#### Exercise:
Take the lines from the beginning of the data below through the line holding "by (transitivity (s" and return exactly those.

Stored data entries:
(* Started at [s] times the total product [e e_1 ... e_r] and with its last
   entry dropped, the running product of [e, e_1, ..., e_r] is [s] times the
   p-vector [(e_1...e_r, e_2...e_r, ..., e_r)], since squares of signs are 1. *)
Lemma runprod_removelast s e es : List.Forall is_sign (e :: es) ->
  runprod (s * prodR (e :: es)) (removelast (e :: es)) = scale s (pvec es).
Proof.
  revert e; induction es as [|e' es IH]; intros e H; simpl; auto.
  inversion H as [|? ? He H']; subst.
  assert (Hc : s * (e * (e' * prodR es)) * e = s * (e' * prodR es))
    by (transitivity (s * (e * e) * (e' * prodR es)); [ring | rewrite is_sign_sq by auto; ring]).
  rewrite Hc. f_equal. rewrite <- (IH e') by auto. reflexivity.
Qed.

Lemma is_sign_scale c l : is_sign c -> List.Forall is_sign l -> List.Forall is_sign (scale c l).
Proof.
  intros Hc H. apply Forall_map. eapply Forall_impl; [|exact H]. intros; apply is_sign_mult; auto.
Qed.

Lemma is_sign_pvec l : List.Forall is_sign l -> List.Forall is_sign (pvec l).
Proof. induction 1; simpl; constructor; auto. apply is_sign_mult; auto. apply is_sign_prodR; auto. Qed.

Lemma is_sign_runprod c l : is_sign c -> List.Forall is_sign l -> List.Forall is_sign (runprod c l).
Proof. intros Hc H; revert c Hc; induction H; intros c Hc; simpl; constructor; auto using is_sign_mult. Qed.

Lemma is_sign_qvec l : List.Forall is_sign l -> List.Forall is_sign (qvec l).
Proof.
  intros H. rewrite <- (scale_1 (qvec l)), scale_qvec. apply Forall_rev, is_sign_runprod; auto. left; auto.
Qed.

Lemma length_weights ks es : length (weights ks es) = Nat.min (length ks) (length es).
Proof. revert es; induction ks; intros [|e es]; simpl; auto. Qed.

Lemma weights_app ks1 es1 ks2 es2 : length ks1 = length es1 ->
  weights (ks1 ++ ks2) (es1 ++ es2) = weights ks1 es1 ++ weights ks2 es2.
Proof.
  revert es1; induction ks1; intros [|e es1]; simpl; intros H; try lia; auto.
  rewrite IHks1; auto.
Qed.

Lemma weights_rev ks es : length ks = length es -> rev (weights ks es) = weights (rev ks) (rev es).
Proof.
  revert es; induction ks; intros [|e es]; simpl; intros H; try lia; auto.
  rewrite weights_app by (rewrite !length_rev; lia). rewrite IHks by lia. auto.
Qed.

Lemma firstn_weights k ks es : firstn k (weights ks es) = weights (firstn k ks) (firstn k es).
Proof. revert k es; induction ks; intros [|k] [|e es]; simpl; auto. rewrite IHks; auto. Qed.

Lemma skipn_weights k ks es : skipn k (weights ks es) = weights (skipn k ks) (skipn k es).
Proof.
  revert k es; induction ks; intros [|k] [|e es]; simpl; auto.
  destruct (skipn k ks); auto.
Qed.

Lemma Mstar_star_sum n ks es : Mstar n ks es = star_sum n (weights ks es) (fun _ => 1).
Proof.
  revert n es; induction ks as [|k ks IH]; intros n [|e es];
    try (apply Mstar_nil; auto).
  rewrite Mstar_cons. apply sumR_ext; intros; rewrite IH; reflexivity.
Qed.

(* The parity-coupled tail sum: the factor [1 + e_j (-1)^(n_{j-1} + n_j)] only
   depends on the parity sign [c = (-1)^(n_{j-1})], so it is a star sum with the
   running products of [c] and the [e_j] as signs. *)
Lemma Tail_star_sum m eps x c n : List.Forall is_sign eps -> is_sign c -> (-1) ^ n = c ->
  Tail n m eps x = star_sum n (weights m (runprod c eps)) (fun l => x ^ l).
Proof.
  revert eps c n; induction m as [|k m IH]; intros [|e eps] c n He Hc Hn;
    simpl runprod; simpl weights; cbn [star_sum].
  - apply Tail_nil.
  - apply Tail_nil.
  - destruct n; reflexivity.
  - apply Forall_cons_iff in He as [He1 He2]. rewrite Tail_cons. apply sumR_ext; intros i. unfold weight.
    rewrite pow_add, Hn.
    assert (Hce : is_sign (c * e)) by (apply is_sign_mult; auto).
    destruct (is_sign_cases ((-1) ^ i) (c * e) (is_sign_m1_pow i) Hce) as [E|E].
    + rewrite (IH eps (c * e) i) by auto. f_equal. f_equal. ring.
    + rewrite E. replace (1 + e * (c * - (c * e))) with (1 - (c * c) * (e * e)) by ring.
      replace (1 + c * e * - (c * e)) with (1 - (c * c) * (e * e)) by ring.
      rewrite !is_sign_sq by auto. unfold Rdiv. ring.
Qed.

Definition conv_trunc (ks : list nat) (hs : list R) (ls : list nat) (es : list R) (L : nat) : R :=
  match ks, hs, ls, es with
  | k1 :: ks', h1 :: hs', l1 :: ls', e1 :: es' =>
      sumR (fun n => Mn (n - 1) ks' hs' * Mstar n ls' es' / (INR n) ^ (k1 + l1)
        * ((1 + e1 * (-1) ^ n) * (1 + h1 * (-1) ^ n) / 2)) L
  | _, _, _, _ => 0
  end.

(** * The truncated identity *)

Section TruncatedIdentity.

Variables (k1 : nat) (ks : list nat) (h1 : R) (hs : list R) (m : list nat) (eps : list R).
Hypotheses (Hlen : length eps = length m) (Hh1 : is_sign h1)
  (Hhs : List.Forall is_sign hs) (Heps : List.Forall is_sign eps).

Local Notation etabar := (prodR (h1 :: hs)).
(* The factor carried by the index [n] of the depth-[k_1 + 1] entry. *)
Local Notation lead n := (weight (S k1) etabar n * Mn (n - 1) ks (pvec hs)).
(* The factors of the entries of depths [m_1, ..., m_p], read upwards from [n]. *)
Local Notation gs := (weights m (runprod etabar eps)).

#### Response below:
(* Started at [s] times the total product [e e_1 ... e_r] and with its last
   entry dropped, the running product of [e, e_1, ..., e_r] is [s] times the
   p-vector [(e_1...e_r, e_2...e_r, ..., e_r)], since squares of signs are 1. *)
Lemma runprod_removelast s e es : List.Forall is_sign (e :: es) ->
  runprod (s * prodR (e :: es)) (removelast (e :: es)) = scale s (pvec es).
Proof.
  revert e; induction es as [|e' es IH]; intros e H; simpl; auto.
  inversion H as [|? ? He H']; subst.
  assert (Hc : s * (e * (e' * prodR es)) * e = s * (e' * prodR es))
    by (transitivity (s * (e * e) * (e' * prodR es)); [ring | rewrite is_sign_sq by auto; ring]).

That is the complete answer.